In this benchmark, we evaluate various Firebolt engine configurations to measure both scale-up and scale-out scenarios, with the goal of measuring performance in terms of latency, scalability, concurrency, and cost-efficiency.

Power run configurations

For the Power Run scenario, we assess Firebolt's performance using two different scaling strategies: scale-up and scale-out.

  • Scale-Up Configuration: This setup tests vertical scaling by progressively increasing the size of the node within the engine. We’ll evaluate how Firebolt improves query performance as we move from Small to Medium, Large, and ExtraLarge node engines. This configuration helps us understand how query latency is affected by engine size and how efficiently Firebolt scales with increasing data volume and workload complexity.
  • Scale-Out Configuration: In this setup, we test horizontal scaling by increasing the number of nodes in the engine, evaluating performance across configurations of 1, 2, 4, and 8 Small nodes. This approach allows us to observe how Firebolt distributes workloads and executes queries through distributed query execution across a multi-node engine, aiming to reduce query latency through efficient load balancing and distributed processing. This configuration is essential for understanding how Firebolt scales out to sustain high performance and efficiency as workload demands increase.

Multi-cluster engine configuration

In the multi-cluster setup, we aim to evaluate Firebolt's ability to manage simultaneous query execution while optimizing throughput across multiple clusters. We will test three configurations:

  • A single cluster engine with 1 Large node.
  • A two-cluster engine, each with 1 Large node.
  • A ten-cluster engine, each with 1 Large node.

This setup is designed to measure the impact on throughput as the number of clusters increases. By observing how Firebolt handles workload distribution across these configurations, we can assess its effectiveness in scaling out to maximize query throughput, even under high concurrency.

Result, observations and insights

Power run analysis

In modern cloud environments, performance and cost are critical factors when deciding between scaling up (using larger nodes) or scaling out (using more nodes). Below, we dive into the Power Run Benchmark, comparing both approaches—scale-up and scale-out—to determine how they affect execution time and cost efficiency.

Scale-up: Faster performance as size of the nodes increases

Scaling up involves increasing the size and capacity of individual nodes, allowing for faster execution times due to greater compute power. The results from scaling up through different node types are clear:

Execution Speed: As we scale up from FB_1S to FB_1XL, execution time improves significantly, but the speedup factor diminishes as we move to larger configurations. For example, scaling from FB_1S to FB_1M results in a near-perfect 2x improvement, reducing total execution time from 20.1 seconds to 11.2 seconds. However, as we scale further to FB_1L and FB_1XL, the improvements become smaller. The FB_1XL node processes all 25 queries in 6.1 seconds, which is about 3.3x faster than FB_1S, but only 1.27x faster than FB_1L.

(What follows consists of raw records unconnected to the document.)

Lemma stack_block x : stack (block x) = x.
Proof. by apply/colP => k; case/mxvec_indexP: k => i a; rewrite vecc_index !mxE. Qed.

Lemma vecc_stack W : vecc W = stack (fun i => col i W).
Proof. by apply/colP => k; case/mxvec_indexP: k => i a; rewrite !vecc_index !mxE. Qed.

Lemma eq_stack f g : f =1 g -> stack f = stack g.
Proof. by move=> fg; apply/colP => k; case/mxvec_indexP: k => i a; rewrite !vecc_index !mxE fg. Qed.

Lemma stackZ c f : c *: stack f = stack (fun i => c *: f i).
Proof. by apply/colP => k; case/mxvec_indexP: k => i a; rewrite [LHS]mxE !vecc_index !mxE. Qed.

Lemma block0 i : block 0 i = 0.
Proof. by apply/colP => a; rewrite !mxE. Qed.

Lemma blockB x y i : block (x - y) i = block x i - block y i.
Proof. by apply/colP => a; rewrite !mxE. Qed.

Lemma sum_mxvec_index (F : 'I_(N * r) -> R) :
  \sum_k F k = \sum_i \sum_a F (mxvec_index i a).
Proof.
rewrite (reindex _ (curry_mxvec_bij _ _)) /=.
by rewrite pair_bigA; apply: eq_bigr => -[i a].
Qed.

Lemma dot_stack f g : dot (stack f) (stack g) = \sum_i dot (f i) (g i).
Proof.
rewrite dotE sum_mxvec_index; apply: eq_bigr => i _; rewrite dotE.
by apply: eq_bigr => a _; rewrite !vecc_index !mxE.
Qed.

Lemma mulmx_stack M g : M *m stack g = stack (fun i => \sum_j blk M i j *m g j).
Proof.
apply/colP => k; case/mxvec_indexP: k => i a.
rewrite vecc_index !mxE sum_mxvec_index summxE; apply: eq_bigr => j _.
by rewrite mxE; apply: eq_bigr => b _; rewrite vecc_index !mxE.
Qed.

Lemma dot_stack_mulmx M f g :
  dot (stack f) (M *m stack g) = \sum_i \sum_j dot (f i) (blk M i j *m g j).
Proof. by rewrite mulmx_stack dot_stack; apply: eq_bigr => i _; rewrite dot_sumr. Qed.

Lemma dot_single i w x : dot (single i w) x = dot w (block x i).
Proof.
rewrite -{1}(stack_block x) dot_stack (bigD1 i) //= big1 ?addr0.
  by rewrite eqxx scale1r.
by move=> k /negbTE ->; rewrite scale0r dot0l.
Qed.

Lemma mulmx_single M j w : M *m single j w = stack (fun k => blk M k j *m w).
Proof.
rewrite mulmx_stack; apply: eq_stack => k.
rewrite (bigD1 j) //= big1 ?addr0; first by rewrite eqxx scale1r.
by move=> l /negbTE ->; rewrite scale0r mulmx0.
Qed.

Lemma dot_single_mulmx M i j u w :
  dot (single i u) (M *m single j w) = dot u (blk M i j *m w).
Proof. by rewrite dot_single mulmx_single block_stack. Qed.

Lemma blk_trmx M i j : blk M^T i j = (blk M j i)^T.
Proof. by apply/matrixP => a b; rewrite !mxE. Qed.

End Blocks.

Section CorrelationMatrix.
Variables (R : rcfType) (r N : nat) (V : 'M[R]_(r, N)) (M : 'M[R]_(N * r)).
Hypothesis unit_col : forall i, dot (col i V) (col i V) = 1.
Hypothesis M_in_B : inB M.
Hypothesis quad_vecc : dot (vecc V) (M *m vecc V) = (N ^ 2)%:R.

Let M_sym : M^T = M. Proof. by case: M_in_B. Qed.

Let M_psd x : 0 <= dot x (M *m x).
Proof. by case: M_in_B => _ [_ psdM] _ _; rewrite /dot mulmxA. Qed.

Let blk_diag i : blk M i i = 1%:M. Proof. by case: M_in_B. Qed.

Let blk_sym i j : blk M j i = blk M i j.
Proof. by case: M_in_B => _ _ _ symM; rewrite -symM -blk_trmx M_sym. Qed.

Let dot_blk_swap i j u w : dot u (blk M j i *m w) = dot w (blk M i j *m u).
Proof. by rewrite dot_mulmx -blk_trmx M_sym dotC. Qed.

Local Notation corr i j := (dot (col i V) (blk M i j *m col j V)).
Local Notation diffv i j := (single i (col i V) - single j (col j V)).

Lemma quad_diffv i j : dot (diffv i j) (M *m diffv i j) = 2 - 2 * corr i j.
Proof.
rewrite mulmxBr !dotBl !dotBr !dot_single_mulmx !blk_diag !mul1mx !unit_col.
by rewrite dot_blk_swap; ring.
Qed.

Lemma corr_le1 i j : corr i j <= 1.
Proof. by have := M_psd (diffv i j); rewrite quad_diffv; lra. Qed.

(* The N^2 correlations are at most 1 and sum to N^2. *)
Lemma corr_eq1 i j : corr i j = 1.
Proof.
have slack_ge0 k l : 0 <= 1 - corr k l by rewrite subr_ge0 corr_le1.
have corr_sum : \sum_k \sum_l corr k l = (N ^ 2)%:R.
  by rewrite -quad_vecc vecc_stack dot_stack_mulmx.
have : \sum_k \sum_l (1 - corr k l) = 0.
  under eq_bigr do rewrite sumrB sumr_const card_ord.
  by rewrite sumrB corr_sum sumr_const card_ord natrX expr2 mulr_natr subrr.
move/psumr_eq0P => /(_ (fun k _ => sumr_ge0 _ (fun l _ => slack_ge0 k l)) i isT).
move/psumr_eq0P => /(_ (fun l _ => slack_ge0 i l) j isT) /eqP.
by rewrite subr_eq0 => /eqP.
Qed.

Lemma diffv_ker i j : M *m diffv i j = 0.
Proof. by apply: psd_quad_eq0 => //; rewrite quad_diffv corr_eq1; ring. Qed.

Lemma blk_mul_col i j : blk M i j *m col j V = col i V.
Proof.
have := congr1 (fun y => block y i) (diffv_ker i j).
rewrite /= mulmxBr block0 blockB !mulmx_single !block_stack blk_diag mul1mx.
by move/eqP; rewrite subr_eq0 => /eqP.
Qed.

Lemma swapv_ker i j : M *m (single j (col i V) - single i (col j V)) = 0.
Proof.
apply: psd_quad_eq0 => //.
rewrite mulmxBr !dotBl !dotBr !dot_single_mulmx !blk_diag !mul1mx !unit_col.
by rewrite blk_sym blk_mul_col unit_col -blk_sym blk_mul_col unit_col !subrr.
Qed.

Data shows that FB_1XL is an excellent choice when you need to maximize performance for time-sensitive workloads like real-time analytics, where faster response times directly translate to business value. On the other hand, FB_1S offers the best price-performance ratio when cost efficiency is the primary concern.

These diminishing returns are a common pattern seen across most engines when scaling up—scaling always makes things faster, but the efficiency of speedup lessens as you add more resources. While Firebolt excels in improving execution times with scaling, we recognize that there are still opportunities to enhance performance further, particularly in higher configurations. Our goal is to continue pushing these limits to achieve even better results for large-scale workloads.

Cost efficiency: While FB_1XL offers superior speed, it comes at a higher cost. FB_1XL costs $0.038 for the whole power run compared to $0.015 for the FB_1S. However, the trade-off between speed and cost can be worthwhile in scenarios where faster processing times lead to greater operational efficiency or cost savings elsewhere in the workflow (e.g., avoiding bottlenecks or freeing up resources for other tasks). Additionally, as we scaled up, we observed that while query execution became faster, resource utilization (CPU) was below 63% at a peak, indicating that the engine did not fully utilize its capacity . This reflects the potential for running more queries concurrently, effectively distributing the workload. As a result, the perceived higher cost of FB_1XL can actually be amortized when running more queries, making it a cost-efficient option when maximizing resource utilization.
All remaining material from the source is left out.